PROBLEM:
Each line of the records below that contains "ring" needs to be copied.

DATASET RECORDS:
---+---

Lemma fact_succ_mult (k : nat) : INR (fact (k + 1)) = (INR k + 1) * INR (fact k).
Proof. replace (k + 1)%nat with (S k) by lia. simpl fact. rewrite plus_INR, mult_INR. ring. Qed.

Lemma fact_bracket (d : nat) :
  exists k, (3 <= k)%nat /\ (fact k < 7 + d <= fact (k + 1))%nat.
Proof.
induction d as [|d [k [Hk [Hlo Hhi]]]]; [exists 3%nat; simpl; lia|].
destruct (Nat.eq_dec (7 + d) (fact (k + 1))) as [E|E]; [|exists k; lia].
exists (k + 1)%nat. split; [lia|]. split; [lia|].
replace (k + 1 + 1)%nat with (S (k + 1)) by lia.
change (fact (S (k + 1))) with (S (k + 1) * fact (k + 1))%nat. nia.
Qed.

Section Weight.
Variable beta : nat -> R.
Hypothesis hbeta : beta_spec beta.

Lemma beta_cases (j : nat) :
  ((j <= 6)%nat /\ beta j = 1) \/
  exists k, (3 <= k /\ fact k < j <= fact (k + 1))%nat /\
   ((j = fact (k + 1) - 1)%nat /\ beta j = / INR (fact (k + 1)) \/
    (j <> fact (k + 1) - 1)%nat /\ beta j = / INR (fact k)).
Proof.
destruct hbeta as [B1 [B2 B3]].
destruct (le_lt_dec j 6) as [Hj|Hj]; [left; auto|right].
destruct (fact_bracket (j - 7)) as [k [Hk Hb]].
replace (7 + (j - 7))%nat with j in Hb by lia.
exists k. split; [lia|].
destruct (Nat.eq_dec j (fact (k + 1) - 1)) as [E|E].
- left. split; auto. subst j. apply B3; lia.
- right. split; auto. apply (B2 k j); lia.
Qed.

Lemma beta_pos (j : nat) : 0 < beta j.
Proof.
destruct (beta_cases j) as [[_ E]|[k [_ [[_ E]|[_ E]]]]]; rewrite E;
  try lra; apply Rinv_0_lt_compat, INR_fact_pos.
Qed.

Lemma inv_beta_le_succ (j : nat) : / beta j <= INR j + 1.
Proof.
rewrite <- S_INR.
destruct (beta_cases j) as [[_ E]|[k [Hk [[Ej E]|[_ E]]]]]; rewrite E.
- rewrite Rinv_1. apply (le_INR 1); lia.
- rewrite Rinv_inv. apply le_INR. pose proof (lt_O_fact (k + 1)). lia.
- rewrite Rinv_inv. apply le_INR. lia.
Qed.

Lemma inv_beta_le_fact (k j : nat) : (3 <= k)%nat ->
  (j <= fact (k + 1))%nat -> j <> (fact (k + 1) - 1)%nat -> / beta j <= INR (fact k).
Proof.
intros Hk Hj Hne.
destruct (beta_cases j) as [[_ E]|[k' [Hk' Hcase]]];
  [rewrite E, Rinv_1; apply (le_INR 1), lt_O_fact|].
assert (Hkk : (k' <= k)%nat).
{ destruct (le_lt_dec k' k) as [h|h]; [exact h|].
  pose proof (fact_le (k + 1) k' ltac:(lia)). lia. }
destruct Hcase as [[Ej E]|[_ E]]; rewrite E, Rinv_inv; apply le_INR, fact_le; [|exact Hkk].
destruct (Nat.eq_dec k' k); [subst; lia|lia].
Qed.

Lemma beta_plateau (k j : nat) : (3 <= k)%nat ->
  (fact (k + 1) < j <= 2 * fact (k + 1))%nat -> beta j = / INR (fact (k + 1)).
Proof.
destruct hbeta as [_ [B2 _]]. intros Hk Hj.
apply (B2 (k + 1)%nat j); [lia|left; split; [lia|]].
replace (k + 1 + 1)%nat with (S (S k)) by lia.
replace (k + 1)%nat with (S k) in * by lia.
change (fact (S (S k))) with (S (S k) * fact (S k))%nat.
pose proof (lt_O_fact (S k)). nia.
Qed.

End Weight.

(* Partial sums of sum_j x^j / beta_j; for x = r^2 this is the squared norm of
   the reproducing kernel of H^2(beta) at r, truncated at degree n. *)
Definition kernel_sum (beta : nat -> R) (x : R) (n : nat) : R :=
  sum_n (fun j => x ^ j / beta j) n.

Lemma tail_term_bound (N i : nat) (x : R) : (1 <= N)%nat -> 0 <= x ->
  (INR (N - 1 + i) + 1) * x ^ (N - 1 + i)
  <= INR N * x ^ (N - 1) * (x * (1 + / INR N)) ^ i.
Proof.
intros HN Hx. assert (HNr : 1 <= INR N) by (apply (le_INR 1); lia).
assert (Hlin : INR (N - 1 + i) + 1 <= INR N * (1 + / INR N) ^ i).
{ rewrite plus_INR, minus_INR by lia.
  pose proof (Rle_pow_lin (/ INR N) i ltac:(apply Rlt_le, Rinv_0_lt_compat; lra)).
  replace (INR N - INR 1 + INR i + 1) with (INR N * (1 + INR i * / INR N)) by (simpl; field; lra).
  apply Rmult_le_compat_l; lra. }
rewrite pow_add, Rpow_mult_distr.
assert (0 <= x ^ (N - 1) * x ^ i) by (apply Rmult_le_pos; apply pow_le; lra).
nra.
Qed.

Section KernelUpper.
Variable beta : nat -> R.
Hypothesis hbeta : beta_spec beta.
Variable k : nat.
Hypothesis hk : (3 <= k)%nat.
Let N := fact (k + 1).

(* Termwise: below N - 1 use 1/beta_j <= k!, from N - 1 on use 1/beta_j <= j + 1. *)
Lemma kernel_term_bound (x : R) (j : nat) : 0 <= x ->
  x ^ j / beta j <= INR (fact k) * x ^ j
    + INR N * x ^ (N - 1)
      * (if (N - 1 <=? j)%nat then (x * (1 + / INR N)) ^ (j - (N - 1)) else 0).
Proof.
intros Hx. pose proof (beta_pos beta hbeta j) as Bj.
assert (HN : (1 <= N)%nat) by apply lt_O_fact.
assert (Hxj : 0 <= x ^ j) by (apply pow_le; lra).
assert (HfxPos : 0 <= INR (fact k) * x ^ j) by (apply Rmult_le_pos; [apply pos_INR|lra]).
unfold Rdiv; rewrite Rmult_comm.
destruct (N - 1 <=? j)%nat eqn:Hj.
- apply Nat.leb_le in Hj.
  pose proof (tail_term_bound N (j - (N - 1)) x HN Hx) as Htail.
  replace (N - 1 + (j - (N - 1)))%nat with j in Htail by lia.
  pose proof (inv_beta_le_succ beta hbeta j).
  assert (/ beta j * x ^ j <= (INR j + 1) * x ^ j) by (apply Rmult_le_compat_r; lra).
  lra.
- apply Nat.leb_gt in Hj.
  unfold N in Hj.
  pose proof (inv_beta_le_fact beta hbeta k j hk ltac:(lia) ltac:(lia)).
  assert (/ beta j * x ^ j <= INR (fact k) * x ^ j) by (apply Rmult_le_compat_r; lra).
  rewrite Rmult_0_r. lra.
Qed.
Lemma card_Vzeros_fibres (a b c d e : F) : #|Vzeros a b c d e| =
  (\sum_x #|[set y | (e * y ^+ 2 + (b + d * x) * y + (a * x + c * x ^+ 2) == 0)%R]|)%N.
Proof.
rewrite -card_set_pair; apply: eq_card => -[x y]; rewrite !inE /Vfun /=.
by congr (_ == _); ring.
Qed.

Lemma sum_card_le (G : F -> nat) k : (forall x, G x <= k)%N ->
  (\sum_x G x <= k * #|F|)%N.
Proof.
move=> G_le; apply: (@leq_trans (\sum_(x : F) k)); first exact: leq_sum.
by rewrite sum_nat_const mulnC.
Qed.

Lemma card_Vzeros_deg2 (a b c d e : F) : e != 0 ->
  (#|Vzeros a b c d e| <= 2 * #|F|)%N.
Proof.
by move=> e_neq0; rewrite card_Vzeros_fibres; apply: sum_card_le => x; apply: card_roots_deg2.
Qed.

Lemma card_Vzeros_bilinear (a b c d : F) : d != 0 ->
  (#|Vzeros a b c d 0%R| <= 2 * #|F|)%N.
Proof.
move=> d_neq0; rewrite card_Vzeros_fibres (bigD1 (- b / d)) //= mul2n -addnn.
rewrite leq_add ?max_card //; apply: leq_trans (_ : \sum_(x | x != - b / d) 1 <= _)%N.
  apply: leq_sum => x x_neq.
  have coef_neq0 : b + d * x != 0.
    apply: contraNneq x_neq => /eqP; rewrite addr_eq0 => /eqP ->.
    by rewrite opprK mulrC mulKf.
  apply: leq_trans (card_roots_deg1 _ coef_neq0).
  by apply/eq_leq/eq_card => y; rewrite !inE mul0r add0r.
by rewrite sum1dep_card max_card.
Qed.

Lemma card_Vzeros_linear (a b c : F) : b != 0 ->
  (#|Vzeros a b c 0%R 0%R| <= 2 * #|F|)%N.
Proof.
move=> b_neq0; rewrite card_Vzeros_fibres; apply: leq_trans (sum_card_le (k := 1) _) _.
  move=> x; apply: leq_trans (card_roots_deg1 _ b_neq0).
  by apply/eq_leq/eq_card => y; rewrite !inE !mul0r !addr0 add0r.
by rewrite leq_pmul2r //; apply/card_gt0P; exists 0.
Qed.
(* The coefficient of [f (n - 1) (m + 1)] is negative for m = n - 1, which is
   why f and g must agree above the diagonal. *)
Lemma ler_Ugen (f g : int -> int -> rat) (n m : int) : 3 <= n -> 0 <= m -> m < n ->
    (forall i j, i < n -> f i j <= g i j) -> (forall i j, i < j -> f i j = g i j) ->
  Ugen f n m <= Ugen g n m.
Proof.
move=> n_ge3 m_ge0 lt_mn le_fg eq_fg.
have le_cfg c i j : 0 <= c -> i < n -> c * f i j <= c * g i j.
  by move=> c_ge0 lt_in; rewrite ler_wpM2l ?le_fg.
have ratio_ge0 (a b : int) : 0 <= a -> 0 <= b -> 0 <= a%:~R / b%:~R :> rat.
  by move=> a_ge0 b_ge0; rewrite divr_ge0 ?ler0z.
rewrite /Ugen; repeat apply: lerD.
- by apply: (le_cfg); [apply: (ratio_ge0)|]; lia.
- have [lt_m1n|ge_m1n] := ltP (m + 1) n.
    by apply: (le_cfg); [apply: (ratio_ge0)|]; lia.
  by rewrite eq_fg //; lia.
- by apply: (le_cfg); [apply: (ratio_ge0 2)|]; lia.
- by apply: (le_cfg); [apply: (ratio_ge0 2)|]; lia.
- by apply: (le_cfg); [apply: (ratio_ge0 4)|]; nia.
Qed.

Lemma ler_Ugen_enum_dnum (n m : nat) : (3 <= n)%N -> (m < n)%N ->
    (forall i : nat, (i < n)%N -> forall j, enum_ i j <= dnum i j) ->
  Ugen enum_ n m <= Ugen dnum n m.
Proof.
move=> n_ge3 lt_mn le_ed; apply: ler_Ugen; try lia.
  by case=> [i|i] j //; rewrite ltz_nat => /le_ed.
by move=> i j lt_ij; rewrite enum_small ?dnum_small.
Qed.

Lemma enum_le_dnum (n : nat) (m : int) : enum_ n m <= dnum n m.
Proof.
elim/ltn_ind: n m => n IHn [m|//].
have [lt_nm|lt_mn|<-] := ltngtP n m.
- by rewrite enum_small ?dnum_ge0 ?ltz_nat.
- have [odd_nm|even_nm] := boolP (odd (n - m)).
    by rewrite enum_odd ?dnum_ge0 //; lia.
  have [n_ge3|n_le2] := leqP 3 n.
    have /andP[_ e_Ue] := enum_bounds n m n_ge3 lt_mn.
    apply: le_trans e_Ue (le_trans (ler_Ugen_enum_dnum n m n_ge3 lt_mn IHn) _).
    by apply: Ugen_dnum_le; lia.
  have [-> ->] : n = 2%N /\ m = 0%N by lia.
  by rewrite (@enum_ecoef 1 1).
- by rewrite (@enum_ecoef n 0) ?addn0 ?subr0 // /ecoef cnum_n0 div1r /= dnat_diag.
Qed.

Theorem lemma5p1 (n m : nat) :
  (3 <= n)%N -> (m < n)%N ->
  [/\ Le n m <= enum_ n m,
      enum_ n m <= Ugen enum_ n m,
      Ugen enum_ n m <= Ugen dnum n m
    & Ugen dnum n m <= dnum n m].
Proof.
move=> n_ge3 lt_mn; have /andP[Le_e e_Ue] := enum_bounds n m n_ge3 lt_mn.
split=> //; first by apply: ler_Ugen_enum_dnum => // i _ j; exact: enum_le_dnum.
by apply: Ugen_dnum_le; lia.
Qed.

---+---

TASK RESULT:
Proof. replace (k + 1)%nat with (S k) by lia. simpl fact. rewrite plus_INR, mult_INR. ring. Qed.
by congr (_ == _); ring.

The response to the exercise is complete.